I have completed most of my school coursework early so that I can spend the next month concentrating on my Classis exams the first week of March. To help me study the committee gave me a list of subjects to which to focus upon. I have begun to read a book for each section and have been supplementing my reading with the corresponding parts of Berkhof's Systematics. I have completed reading for some of the sections and am looking for assistance in selecting books to read for the remaining parts. I am going to list the sections I have read and the corresponding book as well as the sections left for which I am unsure of what to read for them. (Also if you think a book I read is not adequate or "does not fit the category" please let me know.)

*Prolegomena*
???????????????

*Theology (Doctrine of God)*
Robert Letham, _The Holy Trinity_(nearly finished)

*Anthropology (Doctrine of Human Nature)*
????????????????

*Christology*
Athanasius, _On the Incarnation_

*Soteriology*
John Murray, _Redemption: Accomplished and Applied_

*Ecclesiology*
????????????????

*Eschatology*
Cornelis Venema, _The Promise of the Future_


Thanks and Blessings,


----------



## toddpedlar (Jan 28, 2009)

I should think for prolegomena, Bavinck volume 1 ought to be at least a contender (though that's a LOT of reading to add)


----------



## A.J. (Jan 29, 2009)

Backwoods Presbyterian said:


> *Ecclesiology*
> ????????????????



I've seen it, but haven't read it. It looks like a good book, and it's quite thick. 

Amazon.com: The Church (Contours of Christian Theology): Edmund P. Clowney, Gerald Lewis Bray: Books


----------



## westminken (Jan 29, 2009)

For ecclesiology, take a look at The Glorious Body of Christ by Kuiper.


----------



## shackleton (Jan 29, 2009)

I was going to say Bavinck and also add Turretin and even Hodge for most of those. 
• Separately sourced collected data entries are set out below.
Lemma eventually_const (T : Type) (u : nat -> T) (k0 : nat) :
  (forall k, (k0 <= k)%N -> u k.+1 = u k) -> forall k, (k0 <= k)%N -> u k = u k0.
Proof.
move=> step k /subnK <-; elim: (k - k0)%N => [|d IH]; first by rewrite add0n.
by rewrite addSn step ?IH // leq_addl.
Qed.

Lemma nonincreasing_nat_stable (f : nat -> nat) :
  (forall k, (f k.+1 <= f k)%N) -> exists K, forall k, (K <= k)%N -> f k = f K.
Proof.
move=> step.
have mono : {homo f : k k' / (k <= k')%N >-> (k' <= k)%N}.
  exact: (homo_leq (r := fun a b => (b <= a)%N) leqnn
                   (fun b a c ba cb => leq_trans cb ba) step).
suff: forall v K, f K = v -> exists K', forall k, (K' <= k)%N -> f k = f K'.
  by move=> stable; exact: stable (f 0%N) 0%N erefl.
elim/ltn_ind=> v IH K fKv.
case: (classic (exists2 K', (K <= K')%N & (f K' < f K)%N)) => [[K' KK' drop] | stable].
  by apply: (IH (f K') _ K') => //; rewrite -fKv.
exists K => k Kk; apply/eqP; rewrite eqn_leq (mono K k Kk) /= leqNgt.
by apply/negP => drop; apply: stable; exists k.
Qed.

Lemma finite_eventually (T : finType) (P : T -> nat -> Prop) :
  (forall x, exists k0, forall k, (k0 <= k)%N -> P x k) ->
  exists k0, forall x k, (k0 <= k)%N -> P x k.
Proof.
move=> ev.
suff [k0 Pk0] : exists k0, forall x, x \in enum T -> forall k, (k0 <= k)%N -> P x k.
  by exists k0 => x; apply: Pk0; rewrite mem_enum.
elim: (enum T) => [|x s [k0 Pk0]]; first by exists 0%N.
have [kx Pkx] := ev x.
exists (maxn kx k0) => y; rewrite in_cons => /orP [/eqP -> | ys] k;
  rewrite geq_max => /andP [kxk k0k]; [exact: Pkx | exact: Pk0].
Qed.

Lemma recurrent_pigeonhole (T : finType) (P : T -> nat -> Prop) :
  recurrent (fun k => exists x, P x k) -> exists x, recurrent (P x).
Proof.
move=> rec; apply: NNPP => none.
have [k0 notP] : exists k0, forall x k, (k0 <= k)%N -> ~ P x k.
  apply: finite_eventually => x; apply: not_recurrentP => recx.
  by apply: none; exists x.
have [k k0k [x Pxk]] := rec k0.
exact: notP Pxk.
Qed.

Lemma bounded_nondecreasing_jumps (R : realType) (u : nat -> R) (k0 : nat) (m B : R) :
  0 < m -> (forall k, (k0 <= k)%N -> u k <= u k.+1) ->
  (forall k, (k0 <= k)%N -> u k <= B) ->
  ~ recurrent (fun k => u k + m <= u k.+1).
Proof.
move=> m_gt0 incr bounded jumps.
have mono k k' : (k0 <= k)%N -> (k <= k')%N -> u k <= u k'.
  move=> k0k /subnKC <-; elim: (k' - k)%N => [|d IH]; first by rewrite addn0.
  by rewrite addnS (le_trans IH) // incr // (leq_trans k0k) // leq_addr.
have grow N : exists2 k, (k0 <= k)%N & u k0 + N%:R * m <= u k.
  elim: N => [|N [k k0k ukN]]; first by exists k0; rewrite ?leqnn // mul0r addr0.
  have [k' kk' jump] := jumps k.
  exists k'.+1; first by rewrite (leq_trans k0k) // (leq_trans kk').
  have := mono k k' k0k kk'; rewrite -addn1 natrD mulrDl mul1r; lra.
have B_ge : 0 <= (B - u k0) / m by apply: divr_ge0; rewrite ?subr_ge0 ?bounded ?ltW.
have := archi_boundP B_ge; rewrite ltr_pdivrMr //.
have [k k0k] := grow (Num.Def.archi_bound ((B - u k0) / m)).
have := bounded k k0k; lra.
Qed.

Lemma exists_pos_lower_bound (R : realDomainType) (T : finType) (f : T -> R) :
  exists2 m, 0 < m & forall x, 0 < f x -> m <= f x.
Proof.
case: (pickP (fun x => 0 < f x)) => [x0 fx0 | nopos]; last first.
  by exists 1 => // x; rewrite nopos.
case: (@arg_minP _ _ _ x0 (fun x => 0 < f x) f fx0) => x fx min_x.
by exists (f x) => // y; apply: min_x.
Qed.

Section Imbalance.
Context {R : realType} {n : nat}.
Implicit Type A : 'M[R]_n.

Lemma sum_imbalance A : \sum_i imbalance A i = 0.
Proof. by rewrite /imbalance sumrB exchange_big subrr. Qed.

Lemma imbalance_ge0_balanced A : (forall i, 0 <= imbalance A i) -> weight_balanced A.
Proof.
move=> ge0 i.
exact: (@psumr_eq0P _ _ predT (imbalance A) (fun i _ => ge0 i) (sum_imbalance A) i).
Qed.

Lemma exists_pos_imbalance A i : imbalance A i < 0 -> exists j, 0 < imbalance A j.
Proof.
move=> neg; apply: NNPP => nopos.
have le0 j : 0 <= - imbalance A j.
  by rewrite oppr_ge0 leNgt; apply/negP => pos; apply: nopos; exists j.
have := @psumr_eq0P _ _ predT (fun j => - imbalance A j) (fun j _ => le0 j).
rewrite sumrN sum_imbalance oppr0 => /(_ erefl i erefl) /eqP.
rewrite oppr_eq0 => /eqP; lra.
Qed.

End Imbalance.

Section Step.
Context {R : realType} {n : nat} {E : rel 'I_n} {A B : 'M[R]_n}.
Hypothesis step : f_imcor E A B.
Local Notation w := (imbalance A).

Lemma imcor_le i j : A i j <= B i j.
Proof.
have := step.2 i; case: ifP => [pos [js [_ ->]] | _ ->] //.
by case: (j == js) => //; rewrite lerDl ltW.
Qed.

Lemma imcor_changed i j : B i j != A i j -> 0 < w i /\ B i j - A i j = w i.
Proof.
have := step.2 i; case: ifP => [pos [js [_ ->]] | _ ->]; last by rewrite eqxx.
by case: (j == js) => [_|]; [split => //; lra | rewrite eqxx].
Qed.

Lemma imcor_rowsum i : \sum_j B i j = \sum_j A i j + Num.max 0 (w i).
Proof.
have := step.2 i; case: (ltrP 0 (w i)) => [_ [js [_ B_i]] | _ B_i]; last first.
  by rewrite addr0; apply: eq_bigr => j _; rewrite B_i.
rewrite (bigD1 js) //= [in RHS](bigD1 js) //= B_i eqxx [RHS]addrAC.
by congr (_ + _); apply: eq_bigr => j /negbTE nj; rewrite B_i nj.
Qed.

Lemma imbalance_imcor l :
  imbalance B l = Num.min 0 (w l) + \sum_j (B j l - A j l).
Proof.
rewrite sumrB [imbalance B l]/imbalance imcor_rowsum /imbalance.
move: (\sum_j B j l) (\sum_j A j l) (\sum_j A l j) => colB colA rowA.
by case: ltrP; lra.
Qed.

Lemma imbalance_imcor_ge l j : Num.min 0 (w l) + (B j l - A j l) <= imbalance B l.
Proof.
rewrite imbalance_imcor lerD2l (bigD1 j) //= lerDl.
by apply: sumr_ge0 => i _; rewrite subr_ge0 imcor_le.
Qed.

Lemma imbalance_imcor_min l : Num.min 0 (w l) <= imbalance B l.
Proof.
by apply: le_trans (imbalance_imcor_ge l l); rewrite lerDl subr_ge0 imcor_le.
Qed.

Lemma imcor_balanced : weight_balanced A -> B = A.
Proof.
by move=> bal; apply/matrixP => i j; have := step.2 i; rewrite bal ltxx => ->.
Qed.

(* The entry of i chosen at this step is at most a_ij, so its capped value
   rises by at least m. *)
Lemma imcor_capped_rowsum i j m :
  0 < m -> m <= w i -> j != i -> A i j != 0 ->
  \sum_l Num.min (A i l) (A i j + m) + m <= \sum_l Num.min (B i l) (A i j + m).
Proof.
move=> m_gt0 mw ji Aij.
have := step.2 i; rewrite (lt_le_trans m_gt0 mw) => -[js [[_ [_ js_min]] B_i]].
have Ajs := js_min j ji Aij.
rewrite (bigD1 js) //= [X in _ <= X](bigD1 js) //= B_i eqxx.
rewrite [X in _ <= _ + X](eq_bigr (fun l => Num.min (A i l) (A i j + m))); last first.
  by move=> l /negbTE nl; rewrite B_i nl.
rewrite (min_l (_ : A i js <= A i j + m)); last lra.
have : A i js + m <= Num.min (A i js + w i) (A i j + m).
  by rewrite le_min; apply/andP; split; lra.
lra.
Qed.

End Step.

Section Evolution.
Variables (R : realType) (n : nat) (E : rel 'I_n) (A : nat -> 'M[R]_n).
Hypothesis evolution : forall k, f_imcor E (A k) (A k.+1).
Hypothesis A0_adj : in_Adj E (A 0%N).
Local Notation w k := (imbalance (A k)).

Lemma evolution_in_Adj k : in_Adj E (A k).
Proof. by case: k => [|k] //; case: (evolution k). Qed.

Lemma raised_imbalance_gain k i j : A k.+1 i j != A k i j ->
  Num.min 0 (w k j) + w k i <= w k.+1 j.
Proof.
move=> ne; have [_ <-] := imcor_changed (evolution k) i j ne.
exact: imbalance_imcor_ge.
Qed.

Definition negatives k := [set l | w k l < 0].

Lemma negatives_step k : negatives k.+1 \subset negatives k.
Proof.
apply/subsetP => l; rewrite !inE !ltNge; apply: contra => ge0.
by apply: le_trans (imbalance_imcor_min (evolution k) l); rewrite min_l.
Qed.

Lemma negatives_eventually_const :
  exists K, forall k, (K <= k)%N -> negatives k = negatives K.
Proof.
have [K cardK] := nonincreasing_nat_stable _
  (fun k => subset_leq_card (negatives_step k)).
exists K; apply: eventually_const => k Kk; apply/eqP.
by rewrite eqEcard negatives_step /= (cardK _ (leqW Kk)) (cardK _ Kk).
Qed.

Section FrozenNegatives.
Context {K : nat}.
Hypothesis negatives_frozen : forall k, (K <= k)%N -> negatives k = negatives K.

Lemma negative_frozen k l : (K <= k)%N -> (w k l < 0) = (l \in negatives K).
Proof. by move=> Kk; rewrite -(negatives_frozen k Kk) inE. Qed.

Lemma recurrent_pos_not_negative i :
  recurrent (fun k => 0 < w k i) -> i \notin negatives K.
Proof. by move=> /(_ K) [k Kk pos]; rewrite -(negative_frozen k i Kk) -leNgt ltW. Qed.

Lemma exists_recurrent_pos s :
  s \in negatives K -> exists i, recurrent (fun k => 0 < w k i).
Proof.
move=> s_neg; apply: recurrent_pigeonhole => k.
exists (maxn k K); first exact: leq_maxl.
by apply: (@exists_pos_imbalance _ _ _ s); rewrite negative_frozen ?leq_maxr.
Qed.

Section PositiveLowerBound.
Context {m : R}.
Hypothesis m_gt0 : 0 < m.
Hypothesis pos_ge_m_at_K : forall l, 0 < w K l -> m <= w K l.

Lemma pos_imbalance_ge_m k l : (K <= k)%N -> 0 < w k l -> m <= w k l.
Proof.
elim: k l => [|k IH] l; first by rewrite leqn0 => /eqP <-; apply: pos_ge_m_at_K.
rewrite leq_eqVlt => /orP [/eqP <- | ]; first exact: pos_ge_m_at_K.
rewrite ltnS => Kk pos.
have nonneg : 0 <= w k l.
  by rewrite leNgt negative_frozen // -(negative_frozen k.+1 l (leqW Kk)) -leNgt ltW.
have [j /andP [_ dj]] : exists j, true && (0 < A k.+1 j l - A k j l).
  apply: psumr_neq0P => [j _|]; first by rewrite subr_ge0 (imcor_le (evolution k)).
  move: pos; rewrite (imbalance_imcor (evolution k)) (min_l nonneg) add0r.
  by move=> /gt_eqF /eqP.
have ne : A k.+1 j l != A k j l by rewrite -subr_eq0 (gt_eqF dj).
have [posj _] := imcor_changed (evolution k) j l ne.
have := raised_imbalance_gain k j l ne; rewrite (min_l nonneg).
have := IH j Kk posj; lra.
Qed.

Lemma recurrent_pos_raises i j : recurrent (fun k => 0 < w k i) -> j != i -> E i j ->
  recurrent (fun k => A k.+1 i j != A k i j).
Proof.
move=> rec_i ji Eij; apply: NNPP => /not_recurrentP [k0 unraised].
set k1 := maxn k0 K; set c := A k1 i j.
have A_ij : forall k, (k1 <= k)%N -> A k i j = c.
  apply: (@eventually_const _ (fun k => A k i j)) => k k1k; apply/eqP/negPn/negP.
  by apply: unraised; rewrite (leq_trans (leq_maxl _ _) k1k).
pose capped k := \sum_l Num.min (A k i l) (c + m).
apply: (@bounded_nondecreasing_jumps _ capped k1 m ((c + m) *+ n) m_gt0).
- move=> k _; apply: ler_sum => l _.
  exact: le_min2 (imcor_le (evolution k) i l) (lexx _).
- move=> k _; apply: le_trans (_ : \sum_(l < n) (c + m) <= _).
    by apply: ler_sum => l _; rewrite ge_min lexx orbT.
  by rewrite sumr_const card_ord.
- move=> k; have [k' kk' pos] := rec_i (maxn k k1).
  exists k'; first exact: leq_trans (leq_maxl _ _) kk'.
  have k1k' : (k1 <= k')%N := leq_trans (leq_maxr _ _) kk'.
  rewrite /capped -(A_ij _ k1k'); apply: (imcor_capped_rowsum (evolution k')) => //.
    exact: pos_imbalance_ge_m k' i (leq_trans (leq_maxr _ _) k1k') pos.
  by have := (evolution_in_Adj k' i j).1 Eij; rewrite lt0r => /andP [].
Qed.

Lemma raises_recurrent_pos i j : recurrent (fun k => A k.+1 i j != A k i j) ->
  recurrent (fun k => 0 < w k j).
Proof.
move=> rec_ij.
have gain k : (K <= k)%N -> A k.+1 i j != A k i j -> Num.min 0 (w k j) + m <= w k.+1 j.
  move=> Kk ne; have [pos _] := imcor_changed (evolution k) i j ne.
  have := raised_imbalance_gain k i j ne; have := pos_imbalance_ge_m k i Kk pos; lra.
case: (boolP (j \in negatives K)) => [j_neg | j_nonneg].
  have neg k : (K <= k)%N -> w k j < 0 by move=> Kk; rewrite negative_frozen.
  exfalso; apply: (@bounded_nondecreasing_jumps _ (fun k => w k j) K m 0 m_gt0).
  - move=> k Kk; apply: le_trans (imbalance_imcor_min (evolution k) j).
    by rewrite min_r // ltW // neg.
  - by move=> k Kk; rewrite ltW // neg.
  - move=> k; have [k' kk' ne] := rec_ij (maxn k K).
    have Kk' : (K <= k')%N := leq_trans (leq_maxr _ _) kk'.
    exists k'; first exact: leq_trans (leq_maxl _ _) kk'.
    by rewrite -[X in X + m](min_r (ltW (neg k' Kk'))) gain.
move=> k; have [k' kk' ne] := rec_ij (maxn k K).
have Kk' : (K <= k')%N := leq_trans (leq_maxr _ _) kk'.
exists k'.+1; first exact: leq_trans (leq_maxl _ _) (leqW kk').
have nonneg : 0 <= w k' j by rewrite leNgt negative_frozen.
have := gain k' Kk' ne; rewrite (min_l nonneg) add0r; exact: lt_le_trans m_gt0.
Qed.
Under Ecclesiology are you looking for something more technical like a book of common order or something more practical. If practical I would suggest "The Glorious Body of Christ" by R.B. Kuiper. The above mentioned names do not say to much about ecclesiology. 

How about church gov't, do you need to read anything on that? If so try "The Divine Right of Church Government" by the Jus Divinum or "Paradigms in Polity" by Hall and Hall. The former is written by the Westminster Divines and the later is collection of different reformed and Pres. sources on church gov't.


----------



## ADKing (Jan 29, 2009)

Richard Muller's "prolegomena" volume in his Post-Reformation Reformed Dogmatics would be my suggestion for that area. It is long but very helpful. Many blessings on your studies and preparation!

-----Added 1/29/2009 at 09:18:18 EST-----

For Anthropology, Thomas Boston's "Human Nature in its Fourfold State" is very valuable.


----------



## CDM (Jan 29, 2009)

A.J. said:


> Backwoods Presbyterian said:
> 
> 
> > *Ecclesiology*
> ...



It is pretty solid and worth a read. With one caveat: Clowney argues for women deacons in the book.


----------



## Guido's Brother (Jan 29, 2009)

Bavinck on Prolegomena is unsurpassed in my opinion. However, if you want a condensed version you could get by with Berkhof's most recent edition of ST that has the introductory material. Berkhof was mostly condensing Bavinck.


----------



## Classical Presbyterian (Jan 29, 2009)

Ecclesiology:
Calvin (0f course!)
The Church of Christ: A Treatise on the Nature, Powers, Ordinances, Discipline and Gov. of the christian Church" Two volumes by James Bannerman (Banner of truth)

Feel free to stop by and borrow Bannerman if you want it!


----------



## PresbyDane (Jan 29, 2009)




----------



## greenbaggins (Jan 29, 2009)

I second the recommendation for Muller, volume 1. You will know prolegomena backwards and forwards if you read it. For anthropology, I recommend Hoekema's _Created in God's Image_. For ecclesiology, Bannerman is good, but since you won't have time to read it, read Michael Horton's book People and Place.


----------



## Backwoods Presbyterian (Jan 29, 2009)

Thanks all!!


> *Prolegomena*
> Richard Muller,_ PRRD_ Vol. 1
> 
> *Theology (Doctrine of God)*
> ...



Ecclesiology is still up in the air because PTS's Library does not have the Horton work or the Clowney book. I'll check RPTS tomorrow.


----------